Every device must pay an annual retention fee to maintain its market authorization. The renewal process begins 180 days before expiry.

Vigilance Reporting

Suppliers are required to:

  • Report product defects or adverse events to ZAMRA

  • Appoint a qualified person for vigilance (QPV)

  • Keep records of device distribution, performance, and corrective actions

Strategic Tips for Foreign Suppliers

1. Start with Low-Risk Devices

Begin with Class A or B devices to test regulatory waters before scaling up.

2. Invest in Local Partnerships

A reliable Zambian partner helps with compliance, distribution, and relationship building.

3. Use ZDA Incentives

By registering with the Zambia Development Agency, you gain:

  • 0% duty for 5 years

  • Accelerated depreciation

  • Access to industrial yards and Multi-Facility Economic Zones (MFEZs)

4. Build a Strong Compliance Team

Stay ahead of regulations by hiring or consulting local experts in:

  • Regulatory affairs

  • Taxation

  • Customs clearance

Conclusion

Supplying medical equipment in Zambia is a lucrative but highly regulated venture. Foreign suppliers must be prepared to handle device registration, appoint local representatives, follow strict customs protocols, and maintain compliance throughout the product lifecycle.

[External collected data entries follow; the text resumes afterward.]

(* Let $\sigma$ be a signature and $k$ a natural number; let $\chi_0:=\bot$ and $\chi_k:=\chi\vee\dots\vee\chi$ ($k$ disjuncts) for $k\ge1$. (i) For any generalized causal team $T$ over $\sigma$: $T\models^g\chi_k$ iff $|T/_{\approx}|\leq k$. (ii) For any causal team $T$ over $\sigma$: $T\models^c\chi_k$ iff $|T^-|\leq k$.
   Context: A signature $\sigma=(\mathrm{Dom},\mathrm{Ran})$: $\mathrm{Dom}$ nonempty finite set of variables, each with nonempty finite range $\mathrm{Ran}(X)$; $\mathbf X=\mathbf x$ abbreviates $X_1=x_1\wedge\dots\wedge X_n=x_n$ ($\mathbf x\in\prod\mathrm{Ran}(X_i)$), inconsistent if it contains $X=x,X=x'$ with $x\ne x'$. ${=}(V)$ is the constancy atom; $\bot$ abbreviates $X=x\wedge\neg(X=x)$. With $\mathbf W_V$ listing $\mathrm{Dom}\setminus\{V\}$, $\chi:=\bigwedge_{V\in\mathrm{Dom}}\bigwedge_{\mathbf w\in\mathrm{Ran}(\mathbf W_V)}\big(\mathbf W_V=\mathbf w\;\Box\!\!\rightarrow{=}(V)\big)\wedge\bigwedge_{V\in\mathrm{Dom}}{=}(V)$. Systems of functions $\mathcal F$: for each $V\in\mathrm{En}(\mathcal F)\subseteq\mathrm{Dom}$ parents $PA^{\mathcal F}_V\subseteq\mathrm{Dom}\setminus\{V\}$ and $\mathcal F_V:\mathrm{Ran}(PA^{\mathcal F}_V)\to\mathrm{Ran}(V)$; $\mathrm{Ex}(\mathcal F)=\mathrm{Dom}\setminus\mathrm{En}(\mathcal F)$; only recursive (acyclic parent graph). An assignment $s$ is compatible with $\mathcal F$ if $s(V)=\mathcal F_V(s(PA^{\mathcal F}_V))$ for $V\in\mathrm{En}(\mathcal F)$. For consistent $\mathbf X=\mathbf x$: $\mathcal F_{\mathbf X=\mathbf x}$ restricts $\mathcal F$ to $\mathrm{En}(\mathcal F)\setminus\mathbf X$; $s^{\mathcal F}_{\mathbf X=\mathbf x}$: $X_i\mapsto x_i$, $V\mapsto s(V)$ on $\mathrm{Ex}(\mathcal F)\setminus\mathbf X$, $V\mapsto\mathcal F_V(s^{\mathcal F}_{\mathbf X=\mathbf x}(PA^{\mathcal F}_V))$ on $\mathrm{En}(\mathcal F)\setminus\mathbf X$. Causal team $T=(T^-,\mathcal F)$ ($T^-$ a set of compatible assignments; empty team components identified as $\emptyset$); causal subteams $(S^-,\mathcal F)$, $S^-\subseteq T^-$; $T_{\mathbf X=\mathbf x}=(\{s^{\mathcal F}_{\mathbf X=\mathbf x}:s\in T^-\},\mathcal F_{\mathbf X=\mathbf x})$; $\models^c$: $T\models X=x$ iff $s(X)=x$ for all $s\in T^-$; $T\models{=}(V)$ iff $s(V)=s'(V)$ for all $s,s'\in T^-$; $T\models\neg\alpha$ iff $(\{s\},\mathcal F)\not\models\alpha$ for all $s\in T^-$; $\wedge$ classical; $T\models\varphi\vee\psi$ iff causal subteams $T_1,T_2$ exist with $T_1^-\cup T_2^-=T^-$, $T_1\models\varphi$, $T_2\models\psi$; $T\models\mathbf X=\mathbf x\;\Box\!\!\rightarrow\varphi$ iff $\mathbf X=\mathbf x$ inconsistent or $T_{\mathbf X=\mathbf x}\models\varphi$. Generalized causal team: a set $T$ of compatible pairs $(s,\mathcal F)$; $T^-=\{s:(s,\mathcal F)\in T\}$; $T_{\mathbf X=\mathbf x}=\{(s^{\mathcal F}_{\mathbf X=\mathbf x},\mathcal F_{\mathbf X=\mathbf x}):(s,\mathcal F)\in T\}$; $\models^g$: same clauses except $T\models\neg\alpha$ iff $\{(s,\mathcal F)\}\not\models\alpha$ for all $(s,\mathcal F)\in T$, and $T\models\varphi\vee\psi$ iff $T=T_1\cup T_2$ with $T_1\models\varphi$, $T_2\models\psi$. $\mathrm{Cn}(\mathcal F)=\{V\in\mathrm{En}(\mathcal F):\mathcal F_V\text{ constant}\}$; $\mathcal F_V\sim\mathcal G_V$ iff $\mathcal F_V(\mathbf x\mathbf y)=\mathcal G_V(\mathbf x\mathbf z)$ for all $\mathbf x\in\mathrm{Ran}(PA^{\mathcal F}_V\cap PA^{\mathcal G}_V)$, $\mathbf y\in\mathrm{Ran}(PA^{\mathcal F}_V\setminus PA^{\mathcal G}_V)$, $\mathbf z\in\mathrm{Ran}(PA^{\mathcal G}_V\setminus PA^{\mathcal F}_V)$; $\mathcal F\sim\mathcal G$ iff $\mathrm{En}(\mathcal F)\setminus\mathrm{Cn}(\mathcal F)=\mathrm{En}(\mathcal G)\setminus\mathrm{Cn}(\mathcal G)$ and $\mathcal F_V\sim\mathcal G_V$ for each such $V$. On pairs, $(s,\mathcal F)\approx(t,\mathcal G)$ iff $s=t$ and $\mathcal F\sim\mathcal G$; $T/_{\approx}$ is the set of $\approx$-classes of elements of $T$. *)

From HB Require Import structures.
From mathcomp Require Import ssreflect ssrfun ssrbool eqtype ssrnat seq choice fintype finfun finset fingraph.
Set Implicit Arguments.
Unset Strict Implicit.
Unset Printing Implicit Defensive.

Section CausalTeams.

(* Signature sigma = (Dom, Ran): Dom is the finite type V of variables,
   Ran v the finite range of v (nonemptiness is a hypothesis of the theorem). *)
Variable V : finType.
Variable Ran : V -> finType.

Definition Asg := {dffun forall v : V, Ran v}.

(* Raw system of functions: parents PA and, for each variable, either
   None (exogenous) or Some f (endogenous with structural function f).
   f is stored as a function of the whole assignment; validity below requires
   it to depend only on the parents, so it is exactly a map Ran(PA_v) -> Ran(v). *)
Definition Sys := ({ffun V -> {set V}} * {dffun forall v : V, option {ffun Asg -> Ran v}})%type.

Definition PA (F : Sys) (v : V) : {set V} := F.1 v.
Definition Fn (F : Sys) (v : V) : option {ffun Asg -> Ran v} := F.2 v.
Definition En (F : Sys) : {set V} := [set v | Fn F v != None].

Definition pedge (F : Sys) : rel V := fun x y => (y \in En F) && (x \in PA F y).

Definition valid_sys (F : Sys) : Prop :=
  [/\ (forall v, v \notin PA F v),
      (forall v, Fn F v = None -> PA F v = set0),
      (forall v f, Fn F v = Some f ->
          forall s t : Asg, (forall w, w \in PA F v -> s w = t w) -> f s = f t)
    &
      (forall x y, pedge F x y -> ~~ connect (pedge F) y x)].

Definition compatible (F : Sys) (s : Asg) : Prop :=
  forall v, match Fn F v with Some f => s v = f s | None => True end.

(* Interventions  X1 = x1 /\ ... /\ Xn = xn  as lists of (variable, value). *)
Definition intv := seq {x : V & Ran x}.

Definition consistent (I : intv) : Prop :=
  forall i j, i \in I -> j \in I -> tag i = tag j -> i = j.

Definition ivars (I : intv) : {set V} := [set v | has (fun i => tag i == v) I].

Definition setv (I : intv) (s : Asg) : Asg :=
  finfun (fun v : V => foldr (fun i acc => if tag i == v
                                   then tagged_as (Tagged Ran (s v)) i else acc)
                             (s v) I).

Definition sys_int (F : Sys) (I : intv) : Sys :=
  ([ffun v => if v \in ivars I then set0 else PA F v],
   finfun (fun v : V => if v \in ivars I then None else Fn F v)
     : {dffun forall v : V, option {ffun Asg -> Ran v}}).

Definition step (F : Sys) (t : Asg) : Asg :=
  finfun (fun v : V => match Fn F v with Some f => f t | None => t v end).

(* s^F_{X=x}: the recursive computation along the (acyclic) parent graph,
   realised as #|V| rounds of recomputation starting from s with X set to x. *)
Definition interv (F : Sys) (I : intv) (s : Asg) : Asg :=
  iter #|V| (step (sys_int F I)) (setv I s).

Inductive form : Type :=
  | FEq  (X : V) (x : Ran X)
  | FDep (X : V)
  | FNeg (a : form)
  | FAnd (a b : form)
  | FOr  (a b : form)
  | FCf  (I : intv) (a : form).

Fixpoint satc (F : Sys) (S : {set Asg}) (phi : form) : Prop :=
  match phi with
  | FEq X x => forall s, s \in S -> s X = x
  | FDep X => forall s t, s \in S -> t \in S -> s X = t X
  | FNeg a => forall s, s \in S -> ~ satc F [set s] a
  | FAnd a b => satc F S a /\ satc F S b
  | FOr a b => exists S1 S2 : {set Asg},
      [/\ S1 \subset S, S2 \subset S, S1 :|: S2 = S, satc F S1 a & satc F S2 b]
  | FCf J a => consistent J -> satc (sys_int F J) [set interv F J s | s in S] a
  end.

Definition gint (I : intv) (p : Asg * Sys) : Asg * Sys :=
  (interv p.2 I p.1, sys_int p.2 I).

Fixpoint satg (T : {set Asg * Sys}) (phi : form) : Prop :=
  match phi with
  | FEq X x => forall p, p \in T -> p.1 X = x
  | FDep X => forall p q, p \in T -> q \in T -> p.1 X = q.1 X
  | FNeg a => forall p, p \in T -> ~ satg [set p] a
  | FAnd a b => satg T a /\ satg T b
  | FOr a b => exists T1 T2 : {set Asg * Sys},
      [/\ T = T1 :|: T2, satg T1 a & satg T2 b]
  | FCf J a => consistent J -> satg [set gint J p | p in T] a
  end.

Definition causal_team (F : Sys) (S : {set Asg}) : Prop :=
  valid_sys F /\ (forall s, s \in S -> compatible F s).

Definition gen_team (T : {set Asg * Sys}) : Prop :=
  forall p, p \in T -> valid_sys p.2 /\ compatible p.2 p.1.

Definition fconst v (f : {ffun Asg -> Ran v}) : bool := [forall s, [forall t, f s == f t]].

Definition nonconst_en (F : Sys) : {set V} :=
  [set v | match Fn F v with Some f => ~~ fconst f | None => false end].

(* F_v ~ G_v: F_v(x y) = G_v(x z) for all values x of the common parents,
   y of PA^F_v \ PA^G_v, z of PA^G_v \ PA^F_v *)
Definition fsim (F G : Sys) v (f g : {ffun Asg -> Ran v}) : bool :=
  [forall s : Asg, [forall t : Asg,
     [forall w in PA F v :&: PA G v, s w == t w] ==> (f s == g t)]].

Definition sys_sim (F G : Sys) : bool :=
  (nonconst_en F == nonconst_en G) &&
  [forall v in nonconst_en F,
     match Fn F v, Fn G v with Some f, Some g => fsim F G f g | _, _ => false end].

Definition approx (p q : Asg * Sys) : bool := (p.1 == q.1) && sys_sim p.2 q.2.

Definition quot (T : {set Asg * Sys}) : {set {set Asg * Sys}} :=
  [set [set q in T | approx p q] | p in T].

(* chi.  v0 is some variable (Dom nonempty); the conjunction is written as a
   right-nested fold ending with =(v0). *)
Definition Wlist (v : V) (s : Asg) : intv :=
  [seq Tagged Ran (s u) | u <- enum V & u != v].

Definition chi_cfs : seq form :=
  flatten [seq [seq FCf w (FDep v) | w <- undup [seq Wlist v s | s <- enum Asg]]
          | v <- enum V].

Definition chi (v0 : V) : form :=
  foldr FAnd (FDep v0) (chi_cfs ++ [seq FDep v | v <- enum V & v != v0]).

Definition fbot (v0 : V) (x0 : Ran v0) : form := FAnd (FEq x0) (FNeg (FEq x0)).

Fixpoint chik (v0 : V) (x0 : Ran v0) (k : nat) : form :=
  match k with
  | 0 => fbot x0
  | 1 => chi v0
  | k'.+1 => FOr (chik x0 k') (chi v0)
  end.

End CausalTeams.

From Stdlib Require List.
From mathcomp Require Import ssreflect ssrfun ssrbool eqtype ssrnat seq choice fintype finfun finset fingraph.
Set Implicit Arguments. Unset Strict Implicit. Unset Printing Implicit Defensive.

(* A team satisfies chi iff its members are pairwise [approx]-related (for causal teams:
   iff it has at most one assignment).  The conjuncts =(V) force a common assignment, and
   the conjuncts W_V = w []-> =(V) force a common response of every V to every setting of
   the other variables.  Since each F_V depends only on its parents and each assignment is
   compatible, agreeing on the assignment and on all responses is exactly [approx]; so
   [approx] is the kernel of the map [profile], and a team satisfies the k-fold disjunction
   of chi iff it is covered by k fibres of that map, i.e. iff it meets at most k of them. *)

Section ImsetCover.
Variables (X K : finType) (key : X -> K).

Lemma card_imset_le1 (T : {set X}) :
  #|key @: T| <= 1 <-> {in T &, forall p q, key p = key q}.
Proof.
split=> [/card_le1_eqP Hkey p q pT qT | Hkey]; first by apply: Hkey; apply: imset_f.
by apply/card_le1_eqP => _ _ /imsetP [p pT ->] /imsetP [q qT ->]; apply: Hkey.
Qed.

Lemma card_imsetU_le (A B : {set X}) : #|key @: (A :|: B)| <= #|key @: A| + #|key @: B|.
Proof. by rewrite imsetU; apply: leq_card_setU. Qed.

Lemma card_imset_leS (T : {set X}) n : #|key @: T| <= n.+1 ->
  exists T1 T2, [/\ T = T1 :|: T2, #|key @: T1| <= n & #|key @: T2| <= 1].
Proof.
move=> Hcard; have [->|[p pT]] := set_0Vmem T.
  by exists set0, set0; rewrite setU0 imset0 cards0.
pose B := key @^-1: [set key p].
exists (T :\: B), (T :&: B); split; first by rewrite setUC setID.
  have sub : key @: (T :\: B) \subset key @: T :\ key p.
    apply/subsetP => k /imsetP [q]; rewrite !inE => /andP [qB qT] ->.
    by rewrite qB (imset_f key qT).
  rewrite -ltnS; apply: leq_trans (subset_leq_card sub) _.
  by rewrite (cardsD1 (key p)) imset_f in Hcard.
by apply/card_imset_le1 => q r; rewrite !inE => /andP [_ /eqP ->] /andP [_ /eqP ->].
Qed.

Lemma card_imset_le_unions (U : {set X}) (P : nat -> {set X} -> Prop) :
  (forall T : {set X}, T \subset U -> P 0 T <-> #|key @: T| <= 1) ->
  (forall n (T : {set X}), P n.+1 T <-> exists T1 T2, [/\ T = T1 :|: T2, P n T1 & P 0 T2]) ->
  forall n (T : {set X}), T \subset U -> (P n T <-> #|key @: T| <= n.+1).
Proof.
move=> P0 PS; elim=> [|n IH] T sTU; first exact: P0.
rewrite PS; split=> [[T1 [T2 [eT H1 H2]]] | /card_imset_leS [T1 [T2 [eT c1 c2]]]];
  move: sTU; rewrite eT subUset => /andP [s1 s2].
  apply: leq_trans (card_imsetU_le _ _) _; rewrite -addn1.
  by apply: leq_add; [apply/(IH _ s1) | apply/(P0 _ s2)].
by exists T1, T2; split; [|apply/(IH _ s1) | apply/(P0 _ s2)].
Qed.

Lemma card_classes_kernel (R : rel X) (T : {set X}) :
  {in T &, forall p q, R p q = (key p == key q)} ->
  #|[set [set q in T | R p q] | p in T]| = #|key @: T|.
Proof.
move=> RE; pose fiber k := [set q in T | key q == k].
have -> : [set [set q in T | R p q] | p in T] = fiber @: (key @: T).
  rewrite -imset_comp; apply: eq_in_imset => p pT /=.
  by apply/setP => q; rewrite !inE; case qT: (q \in T); rewrite //= RE // eq_sym.
apply: card_in_imset => _ _ /imsetP [p pT ->] /imsetP [q qT ->] efib.
by move/setP/(_ p): efib; rewrite !inE pT eqxx => /esym/eqP.
Qed.
End ImsetCover.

By understanding the systems in place—ZAMRA, HPCZ, ZRA, and PACRA—and leveraging investment incentives, suppliers can unlock access to a growing market with increasing demand for quality healthcare infrastructure.

With careful planning, a strong local presence, and expert guidance, Zambia’s medical equipment market can be both compliant and profitable for foreign investors.